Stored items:
>>>>>
(* In any execution of $\mathtt{search}(\mathcal{G},T)$ (defined in the context), let $t$ be a tangle returned by extract-tangles$(Z,\sigma)$ in an iteration whose region $Z$ has priority $p$, $\alpha\equiv p\pmod 2$, and suppose $Z$ is the highest region of player $\alpha$, i.e. no region recorded in $r$ at that moment has a priority of parity $\alpha$. Then $E_T(t)=\emptyset$ (computed in the full game $\mathcal{G}$).
   Context: Parity games: $\mathcal{G}=(V_0,V_1,E,\mathrm{pr})$, $V=V_0\cup V_1$ finite, partitioned into vertices of Even ($0$) and Odd ($1$); $E\subseteq V\times V$ with every vertex having a successor; $\mathrm{pr}:V\to\{0,\dots,d\}$. $E(u)=\{v:(u,v)\in E\}$, $\mathrm{pr}(U)=\max_{u\in U}\mathrm{pr}(u)$, $\mathrm{pr}^{-1}(p)$ the set of vertices of priority $p$, $\overline{\alpha}=1-\alpha$. A cycle is won by $\alpha$ if its highest priority has parity $\alpha$. A strategy of $\alpha$ is a partial function $\sigma$ on $V_\alpha$ with $\sigma(v)\in E(v)$. For $U\subseteq V$, $\mathcal{G}\cap U$ is the subgame with vertices $V\cap U$ and edges $E\cap(U\times U)$, and $\mathcal{G}\setminus U=\mathcal{G}\cap(V\setminus U)$. A $p$-tangle is a nonempty $U\subseteq V$ with $p=\mathrm{pr}(U)$ such that for $\alpha\equiv p\pmod 2$ there is a strategy $\sigma:U\cap V_\alpha\to U$ (witness strategy $\sigma_T(U)$) with $(U,E\cap(\sigma\cup((U\cap V_{\overline{\alpha}})\times U)))$ strongly connected and all its cycles won by $\alpha$ (''won by $\alpha$''). For a tangle $t$ won by $\alpha$ in a game with edge set $E$, $E_T(t)=\{v\notin t:\exists u\in t\cap V_{\overline{\alpha}},(u,v)\in E\}$. $T_\alpha$ denotes the tangles of $T$ won by $\alpha$; for a subgame $\mathcal{G}'$, $T\cap\mathcal{G}'$ denotes the tangles of $T$ contained in its vertex set. Tangle attractor: for a game $\mathcal{G}$ with vertices $V$, tangles $T$, player $\alpha$ and $A\subseteq V$, $\mathit{TAttr}^{\mathcal{G},T}_\alpha(A)$ is the least $Z\supseteq A$ containing every $v\in V_\alpha$ with $E(v)\cap Z\neq\emptyset$, every $v\in V_{\overline{\alpha}}$ with $E(v)\subseteq Z$, and every vertex of every $t\in T_\alpha$ with $\emptyset\neq E_T(t)\subseteq Z$ ($E_T$ computed in $\mathcal{G}$). It is computed iteratively together with a strategy $\sigma$ of $\alpha$ (initially empty): when an $\alpha$-vertex is added individually, $\sigma$ maps it to a successor already in $Z$; each $\alpha$-vertex of $A$ gets as $\sigma$-value a successor in $Z$ once one exists; when the vertices of a tangle $t$ are added, $\sigma(u):=\sigma_T(t)(u)$ for every $\alpha$-vertex $u\in t$ not yet in $\mathrm{dom}(\sigma)$. extract-tangles$(Z,\sigma)$, for a subgame $\mathcal{G}'=(V',E')$ with top priority $p$, $\alpha\equiv p$, region $Z\subseteq V'$ and strategy $\sigma$: let $Y_Z$ be the greatest $X\subseteq Z$ such that every $v\in X\cap V_{\overline{\alpha}}$ has $E'(v)\subseteq X$ and every $v\in X\cap V_\alpha$ has $\sigma(v)\in X$; let $H$ be the graph on $Y_Z$ with edges $(v,\sigma(v))$ for $v\in Y_Z\cap V_\alpha$ and $(v,w)\in E'$ for $v\in Y_Z\cap V_{\overline{\alpha}}$; return all bottom strongly connected components of $H$ that contain at least one edge of $H$, each with witness strategy $\sigma$ restricted to it. $\mathtt{search}(\mathcal{G},T)$ (with $T$ a set of tangles of $\mathcal{G}$): repeat forever: set $r:=\emptyset$ (a partial function $V\to\mathbb{N}$, the region function) and $Y:=\emptyset$; while $V\setminus\mathrm{dom}(r)\neq\emptyset$: let $\mathcal{G}':=\mathcal{G}\setminus\mathrm{dom}(r)$ with vertex set $V'$, $T':=T\cap\mathcal{G}'$, $p:=\mathrm{pr}(\mathcal{G}')$, $\alpha:=p\bmod 2$; compute $(Z,\sigma):=\mathit{TAttr}^{\mathcal{G}',T'}_\alpha(\mathrm{pr}^{-1}(p)\cap V')$ (the region of priority $p$); let $A:=$ extract-tangles$(Z,\sigma)$; if some $t\in A$ has $E_T(t)=\emptyset$ with $E_T$ computed in the full game $\mathcal{G}$, return $(T\cup Y,t)$; otherwise set $r(v):=p$ for all $v\in Z$ and $Y:=Y\cup A$. After the while-loop, set $T:=T\cup Y$. *)

From mathcomp Require Import all_boot.
Set Implicit Arguments. Unset Strict Implicit. Unset Printing Implicit Defensive.

(* A parity game on the finite vertex type V:
   owner v = false  <-> v in V_0 (Even),  owner v = true <-> v in V_1 (Odd);
   E : rel V is the edge relation; pr : V -> nat the priority.
   A player alpha is a bool (false = Even = 0, true = Odd = 1); the player
   associated with priority p is [odd p].
   A subgame G cap W is represented by its vertex set W : {set V};
   its edges are E restricted to W x W. *)

Section ParityGames.
Variables (V : finType) (owner : V -> bool) (E : rel V) (pr : V -> nat).

Definition topP (U : {set V}) : nat := \max_(v in U) pr v.

(* A (candidate) tangle: its vertex set together with its witness strategy,
   a partial function (V -> option V). *)
Definition tangle := ({set V} * (V -> option V))%type.

Definition twin (t : tangle) : bool := odd (topP t.1).

Definition tangle_graph (t : tangle) : rel V := fun u w =>
  [&& u \in t.1, w \in t.1 &
      if owner u == twin t then t.2 u == Some w else E u w].

Definition is_tangle (t : tangle) : Prop :=
  [/\ t.1 != set0,
      (forall u, u \in t.1 -> owner u = twin t ->
         exists2 w, t.2 u = Some w & (w \in t.1) && E u w),
      (forall u, ~~ ((u \in t.1) && (owner u == twin t)) -> t.2 u = None),
      (forall u w, u \in t.1 -> w \in t.1 -> connect (tangle_graph t) u w) &
      (forall c : seq V, c != [::] -> cycle (tangle_graph t) c ->
         odd (\max_(v <- c) pr v) = twin t)].

(* E_T(t) for a tangle t won by player a, computed in the subgame with
   vertex set W (W = setT for the full game). *)
Definition escapes (W : {set V}) (a : bool) (t : tangle) : {set V} :=
  [set v in W | (v \notin t.1) &&
     [exists u in t.1, (owner u != a) && E u v]].

Definition upd (s : V -> option V) (v w : V) : V -> option V :=
  fun x => if x == v then Some w else s x.

Section TAttr.
Variables (W : {set V}) (T : tangle -> Prop) (a : bool) (A : {set V}).

(* an a-vertex of A still without strategy value although a successor
   already lies in Z (it must be assigned immediately: "once one exists") *)
Definition pending (Z : {set V}) (s : V -> option V) : Prop :=
  exists v w, [/\ v \in A, owner v = a, s v = None, w \in Z & E v w].

Definition Ta (t : tangle) : Prop := [/\ T t, t.1 \subset W & twin t = a].

Inductive tattr_run : {set V} -> (V -> option V) -> Prop :=
| TA_init : tattr_run A (fun _ => None)
| TA_assignA : forall Z s v w, tattr_run Z s ->
    v \in A -> owner v = a -> s v = None -> w \in Z -> E v w ->
    tattr_run Z (upd s v w)
| TA_alpha : forall Z s v w, tattr_run Z s -> ~ pending Z s ->
    v \in W -> v \notin Z -> owner v = a -> w \in Z -> E v w ->
    tattr_run (v |: Z) (upd s v w)
| TA_opp : forall Z s v, tattr_run Z s -> ~ pending Z s ->
    v \in W -> v \notin Z -> owner v != a ->
    (forall w, E v w -> w \in W -> w \in Z) ->
    tattr_run (v |: Z) s
| TA_tangle : forall Z s (t : tangle), tattr_run Z s -> ~ pending Z s ->
    Ta t -> ~~ (t.1 \subset Z) ->
    escapes W a t != set0 -> escapes W a t \subset Z ->
    tattr_run (Z :|: t.1)
      (fun u => match s u with
                | Some w => Some w
                | None => if (u \in t.1) && (owner u == a) then t.2 u else None
                end).

Definition tattr_final (Z : {set V}) (s : V -> option V) : Prop :=
  [/\ ~ pending Z s,
      (forall v w, v \in W -> v \notin Z -> owner v = a -> w \in Z -> ~~ E v w),
      (forall v, v \in W -> v \notin Z -> owner v != a ->
         exists w, [&& E v w, w \in W & w \notin Z]) &
      (forall t, Ta t -> escapes W a t != set0 -> escapes W a t \subset Z ->
         t.1 \subset Z)].

Definition tattr (Z : {set V}) (s : V -> option V) : Prop :=
  tattr_run Z s /\ tattr_final Z s.

End TAttr.

Section Extract.
Variables (W : {set V}) (a : bool) (Z : {set V}) (s : V -> option V).

Definition Yclosed (X : {set V}) : Prop :=
  X \subset Z /\
  forall v, v \in X ->
    if owner v == a then exists2 w, s v = Some w & w \in X
    else forall w, E v w -> w \in W -> w \in X.

Definition Ygreatest (Y : {set V}) : Prop :=
  Yclosed Y /\ forall X, Yclosed X -> X \subset Y.

Definition Hgraph (Y : {set V}) : rel V := fun u w =>
  [&& u \in Y, w \in Y &
      if owner u == a then s u == Some w else E u w && (w \in W)].

(* t is one of the tangles returned by extract-tangles(Z, sigma):
   a bottom SCC of H containing an edge, with witness strategy sigma
   restricted to it *)
Definition extract (t : tangle) : Prop :=
  exists Y, Ygreatest Y /\
    [/\ t.1 \subset Y, t.1 != set0,
      (forall u v, u \in t.1 -> v \in t.1 -> connect (Hgraph Y) u v),
      (forall u v, u \in t.1 -> v \in Y ->
          connect (Hgraph Y) u v -> connect (Hgraph Y) v u -> v \in t.1) &
      (forall u w, u \in t.1 -> Hgraph Y u w -> w \in t.1)] /\
    (exists u w, [/\ u \in t.1, w \in t.1 & Hgraph Y u w]) /\
    (forall u, t.2 u = if (u \in t.1) && (owner u == a) then s u else None).

End Extract.

Definition subV (r : V -> option nat) : {set V} := [set v | r v == None].

Definition regionA (W : {set V}) : {set V} := W :&: [set v | pr v == topP W].

(* reach T0 T r Y : the state (T, r, Y) is reached at the start of an
   iteration of the while-loop in some execution of search(G, T0)
   that has not returned yet. *)
Inductive reach (T0 : tangle -> Prop) :
    (tangle -> Prop) -> (V -> option nat) -> (tangle -> Prop) -> Prop :=
| R_start : reach T0 T0 (fun _ => None) (fun _ => False)
| R_inner : forall T r Y Z s,
    reach T0 T r Y ->
    subV r != set0 ->
    tattr (subV r) T (odd (topP (subV r))) (regionA (subV r)) Z s ->
    (forall t, extract (subV r) (odd (topP (subV r))) Z s t ->
       escapes setT (odd (topP (subV r))) t != set0) ->
    reach T0 T (fun v => if v \in Z then Some (topP (subV r)) else r v)
             (fun t => Y t \/ extract (subV r) (odd (topP (subV r))) Z s t)
| R_outer : forall T r Y,
    reach T0 T r Y ->
    subV r = set0 ->
    reach T0 (fun t => T t \/ Y t) (fun _ => None) (fun _ => False).

End ParityGames.

(** An escape edge of the extracted tangle [t] leaves an opponent vertex [u]
    of [t]. If its target is still in the current subgame, then it lies in
    the closed set [Y] of extract-tangles, and [t], being a bottom SCC of the
    graph on [Y], contains it. Otherwise the target lies in an earlier region
    of priority [q]; as [Z] is the highest region of [alpha], [q] has the
    parity of the owner of [u], and an attractor for that player admits no
    edge from a vertex of that player left outside it. *)

From mathcomp Require Import all_boot.

Set Implicit Arguments.
Unset Strict Implicit.
Unset Printing Implicit Defensive.

Section SearchInvariants.
Variables (V : finType) (owner : V -> bool) (E : rel V) (pr : V -> nat).

Lemma tattr_run_subset (W : {set V}) (T : tangle V -> Prop) (a : bool)
    (A Z : {set V}) (s : V -> option V) :
  A \subset W -> tattr_run owner E pr W T a A Z s -> Z \subset W.
Proof.
move=> AW; elim=> //.
- by move=> Z0 s0 v w _ IH _ vW _ _ _ _; rewrite subUset sub1set vW IH.
- by move=> Z0 s0 v _ IH _ vW _ _ _; rewrite subUset sub1set vW IH.
- by move=> Z0 s0 t0 _ IH _ [_ t0W _] _ _ _; rewrite subUset IH.
Qed.

Lemma tattr_subset (W : {set V}) (T : tangle V -> Prop) (a : bool)
    (Z : {set V}) (s : V -> option V) :
  tattr owner E pr W T a (regionA pr W) Z s -> Z \subset W.
Proof. by case=> run _; apply: tattr_run_subset run; apply: subsetIl. Qed.

Lemma reach_region_no_entry T0 T r Y :
  reach owner E pr T0 T r Y ->
  forall u v q, u \in subV r -> r v = Some q -> owner u = odd q -> ~~ E u v.
Proof.
elim=> // {}T {}r {}Y Z s _ IH _ [_ [_ no_entry _ _]] _ u v q.
rewrite !inE; case: ifP => // uZ /eqP ru.
have uW : u \in subV r by rewrite inE ru.
case: ifP => [vZ [<-] ou | _ rv]; last exact: IH.
by apply: no_entry; rewrite ?uZ.
Qed.

Lemma extract_subset (W : {set V}) (a : bool) (Z : {set V})
    (s : V -> option V) (t : tangle V) :
  extract owner E W a Z s t -> t.1 \subset Z.
Proof. by case=> Y [[[YZ _] _] [[tY _ _ _ _] _]]; apply: subset_trans YZ. Qed.

Lemma extract_opp_succ (W : {set V}) (a : bool) (Z : {set V})
    (s : V -> option V) (t : tangle V) (u v : V) :
  extract owner E W a Z s t ->
  u \in t.1 -> owner u != a -> E u v -> v \in W -> v \in t.1.
Proof.
case=> Y [[[_ Yclosed] _] [[tY _ _ _ t_bottom] _]] ut ou Euv vW.
have uY : u \in Y := subsetP tY u ut.
have := Yclosed u uY; rewrite (negbTE ou) => Y_succ.
have vY := Y_succ v Euv vW.
by apply: (t_bottom u) => //; rewrite /Hgraph uY vY (negbTE ou) Euv vW.
Qed.

End SearchInvariants.

Theorem lemma8 (V : finType) (owner : V -> bool) (E : rel V) (pr : V -> nat)
  (Htot : forall v, exists w, E v w)
  (T0 : tangle V -> Prop) (HT0 : forall t, T0 t -> is_tangle owner E pr t)
  (T : tangle V -> Prop) (r : V -> option nat) (Y : tangle V -> Prop)
  (Hreach : reach owner E pr T0 T r Y)
  (HW : subV r != set0)
  (Z : {set V}) (s : V -> option V)
  (Hattr : tattr owner E pr (subV r) T (odd (topP pr (subV r)))
             (regionA pr (subV r)) Z s)
  (t : tangle V)
  (Ht : extract owner E (subV r) (odd (topP pr (subV r))) Z s t)
  (Hhighest : forall v q, r v = Some q -> odd q <> odd (topP pr (subV r))) :
  escapes owner E setT (odd (topP pr (subV r))) t = set0.
Proof.
apply/setP => v; rewrite !inE /=; apply/negP.
case/andP=> vt /existsP [u /and3P [ut ou Euv]].
have tW : t.1 \subset subV r.
  exact: subset_trans (extract_subset Ht) (tattr_subset Hattr).
have uW := subsetP tW u ut.
case rv: (r v) => [q|].
- have ou_q : owner u = odd q.
    move: ou (Hhighest v q rv); set a := odd _.
    by case: (owner u); case: (odd q); case: a.
  by move: Euv; apply/negP/(reach_region_no_entry Hreach uW rv).
- have vW : v \in subV r by rewrite inE rv.
  by move: vt; rewrite (extract_opp_succ Ht ut ou Euv vW).
Qed.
<<<<<
#### Work to be completed
Provide the number of lines above containing "Yclosed" and nothing else.

#### Exercise answer
4